### Your goal
Transcribe the data below verbatim from the line with "exact/ltW/g_incr." to the line with "forall xi mu, ocp_feasible". Include both of those lines.

[Saved entries]

--- START ---

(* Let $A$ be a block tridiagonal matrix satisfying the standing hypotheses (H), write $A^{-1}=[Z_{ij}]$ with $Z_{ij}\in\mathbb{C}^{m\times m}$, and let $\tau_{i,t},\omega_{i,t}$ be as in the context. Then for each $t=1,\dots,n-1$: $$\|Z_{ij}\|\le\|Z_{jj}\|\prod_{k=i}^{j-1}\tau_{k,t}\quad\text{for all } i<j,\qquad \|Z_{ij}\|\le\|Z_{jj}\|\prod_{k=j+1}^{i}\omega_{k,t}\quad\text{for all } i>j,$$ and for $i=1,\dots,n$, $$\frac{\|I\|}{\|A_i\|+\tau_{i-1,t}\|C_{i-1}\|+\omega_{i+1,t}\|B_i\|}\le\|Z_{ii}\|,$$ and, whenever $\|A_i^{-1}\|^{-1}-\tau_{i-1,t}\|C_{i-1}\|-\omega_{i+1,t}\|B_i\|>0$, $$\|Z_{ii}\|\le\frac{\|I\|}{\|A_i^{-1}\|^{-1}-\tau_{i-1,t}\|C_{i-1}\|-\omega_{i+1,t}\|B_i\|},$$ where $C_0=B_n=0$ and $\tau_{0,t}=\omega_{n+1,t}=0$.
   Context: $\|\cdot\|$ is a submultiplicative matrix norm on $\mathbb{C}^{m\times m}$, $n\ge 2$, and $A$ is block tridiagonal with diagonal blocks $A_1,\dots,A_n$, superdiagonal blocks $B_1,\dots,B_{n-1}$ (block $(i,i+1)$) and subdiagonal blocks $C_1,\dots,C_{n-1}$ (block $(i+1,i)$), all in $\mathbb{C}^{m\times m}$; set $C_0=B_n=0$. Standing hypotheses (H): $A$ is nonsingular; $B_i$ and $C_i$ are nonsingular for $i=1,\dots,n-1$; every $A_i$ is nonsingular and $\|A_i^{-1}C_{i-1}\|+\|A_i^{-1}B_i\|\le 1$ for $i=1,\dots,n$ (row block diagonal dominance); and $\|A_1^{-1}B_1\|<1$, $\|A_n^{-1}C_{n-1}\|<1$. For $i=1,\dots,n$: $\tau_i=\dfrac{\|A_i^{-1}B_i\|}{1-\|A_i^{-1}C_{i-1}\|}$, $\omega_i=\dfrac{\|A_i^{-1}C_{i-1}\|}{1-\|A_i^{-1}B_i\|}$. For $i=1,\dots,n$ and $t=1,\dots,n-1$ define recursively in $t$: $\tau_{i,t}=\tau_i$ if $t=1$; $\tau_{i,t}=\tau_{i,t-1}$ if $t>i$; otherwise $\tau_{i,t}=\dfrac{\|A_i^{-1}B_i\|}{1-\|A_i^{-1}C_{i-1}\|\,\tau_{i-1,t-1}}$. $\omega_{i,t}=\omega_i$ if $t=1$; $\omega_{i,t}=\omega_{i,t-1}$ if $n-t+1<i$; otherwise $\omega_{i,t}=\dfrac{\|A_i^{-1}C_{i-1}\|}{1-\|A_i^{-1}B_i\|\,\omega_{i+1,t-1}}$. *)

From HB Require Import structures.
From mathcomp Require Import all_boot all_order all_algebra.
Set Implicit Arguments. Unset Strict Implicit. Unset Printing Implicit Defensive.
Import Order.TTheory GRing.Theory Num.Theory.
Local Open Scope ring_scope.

--- END ---
--- START ---

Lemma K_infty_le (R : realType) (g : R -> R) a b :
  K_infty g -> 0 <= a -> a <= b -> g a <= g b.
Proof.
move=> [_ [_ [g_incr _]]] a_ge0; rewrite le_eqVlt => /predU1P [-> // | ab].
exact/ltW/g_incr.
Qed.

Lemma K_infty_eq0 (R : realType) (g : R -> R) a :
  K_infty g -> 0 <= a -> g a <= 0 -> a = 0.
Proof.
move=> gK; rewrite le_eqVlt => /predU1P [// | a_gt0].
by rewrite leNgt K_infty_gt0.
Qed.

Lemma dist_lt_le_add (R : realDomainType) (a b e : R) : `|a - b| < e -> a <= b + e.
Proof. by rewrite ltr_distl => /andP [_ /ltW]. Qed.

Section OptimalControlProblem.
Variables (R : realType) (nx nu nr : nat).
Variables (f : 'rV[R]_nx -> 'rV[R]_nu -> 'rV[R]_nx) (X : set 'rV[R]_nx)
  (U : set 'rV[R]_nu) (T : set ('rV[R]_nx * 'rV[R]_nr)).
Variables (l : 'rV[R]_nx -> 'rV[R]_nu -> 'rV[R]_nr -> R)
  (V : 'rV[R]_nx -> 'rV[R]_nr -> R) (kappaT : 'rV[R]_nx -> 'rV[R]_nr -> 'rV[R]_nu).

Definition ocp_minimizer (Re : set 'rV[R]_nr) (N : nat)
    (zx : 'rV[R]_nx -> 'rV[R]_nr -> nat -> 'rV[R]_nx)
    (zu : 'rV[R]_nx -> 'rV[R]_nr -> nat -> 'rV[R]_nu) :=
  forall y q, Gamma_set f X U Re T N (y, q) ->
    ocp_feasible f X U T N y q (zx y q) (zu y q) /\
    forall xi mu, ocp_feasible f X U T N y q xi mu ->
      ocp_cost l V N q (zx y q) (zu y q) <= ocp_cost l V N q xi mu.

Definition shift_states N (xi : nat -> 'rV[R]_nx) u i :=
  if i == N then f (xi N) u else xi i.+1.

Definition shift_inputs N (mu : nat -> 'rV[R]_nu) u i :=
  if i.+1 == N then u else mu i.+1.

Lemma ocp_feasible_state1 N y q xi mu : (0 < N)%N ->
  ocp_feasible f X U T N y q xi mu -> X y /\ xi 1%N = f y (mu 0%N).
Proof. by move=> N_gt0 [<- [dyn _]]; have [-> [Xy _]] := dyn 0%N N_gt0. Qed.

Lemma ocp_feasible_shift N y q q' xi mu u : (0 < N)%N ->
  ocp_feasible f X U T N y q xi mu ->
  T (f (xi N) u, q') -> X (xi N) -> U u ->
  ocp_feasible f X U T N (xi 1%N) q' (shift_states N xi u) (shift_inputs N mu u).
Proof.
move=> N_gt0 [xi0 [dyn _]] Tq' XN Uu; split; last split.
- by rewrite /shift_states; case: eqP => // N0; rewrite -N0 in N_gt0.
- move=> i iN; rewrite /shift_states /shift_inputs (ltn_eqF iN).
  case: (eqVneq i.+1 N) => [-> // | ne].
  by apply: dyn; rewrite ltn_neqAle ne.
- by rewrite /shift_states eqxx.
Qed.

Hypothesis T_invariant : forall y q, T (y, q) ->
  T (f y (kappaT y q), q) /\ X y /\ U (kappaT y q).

--- END ---

### Answer area
exact/ltW/g_incr.
Qed.

Lemma K_infty_eq0 (R : realType) (g : R -> R) a :
  K_infty g -> 0 <= a -> g a <= 0 -> a = 0.
Proof.
move=> gK; rewrite le_eqVlt => /predU1P [// | a_gt0].
by rewrite leNgt K_infty_gt0.
Qed.

Lemma dist_lt_le_add (R : realDomainType) (a b e : R) : `|a - b| < e -> a <= b + e.
Proof. by rewrite ltr_distl => /andP [_ /ltW]. Qed.

Section OptimalControlProblem.
Variables (R : realType) (nx nu nr : nat).
Variables (f : 'rV[R]_nx -> 'rV[R]_nu -> 'rV[R]_nx) (X : set 'rV[R]_nx)
  (U : set 'rV[R]_nu) (T : set ('rV[R]_nx * 'rV[R]_nr)).
Variables (l : 'rV[R]_nx -> 'rV[R]_nu -> 'rV[R]_nr -> R)
  (V : 'rV[R]_nx -> 'rV[R]_nr -> R) (kappaT : 'rV[R]_nx -> 'rV[R]_nr -> 'rV[R]_nu).

Definition ocp_minimizer (Re : set 'rV[R]_nr) (N : nat)
    (zx : 'rV[R]_nx -> 'rV[R]_nr -> nat -> 'rV[R]_nx)
    (zu : 'rV[R]_nx -> 'rV[R]_nr -> nat -> 'rV[R]_nu) :=
  forall y q, Gamma_set f X U Re T N (y, q) ->
    ocp_feasible f X U T N y q (zx y q) (zu y q) /\
    forall xi mu, ocp_feasible f X U T N y q xi mu ->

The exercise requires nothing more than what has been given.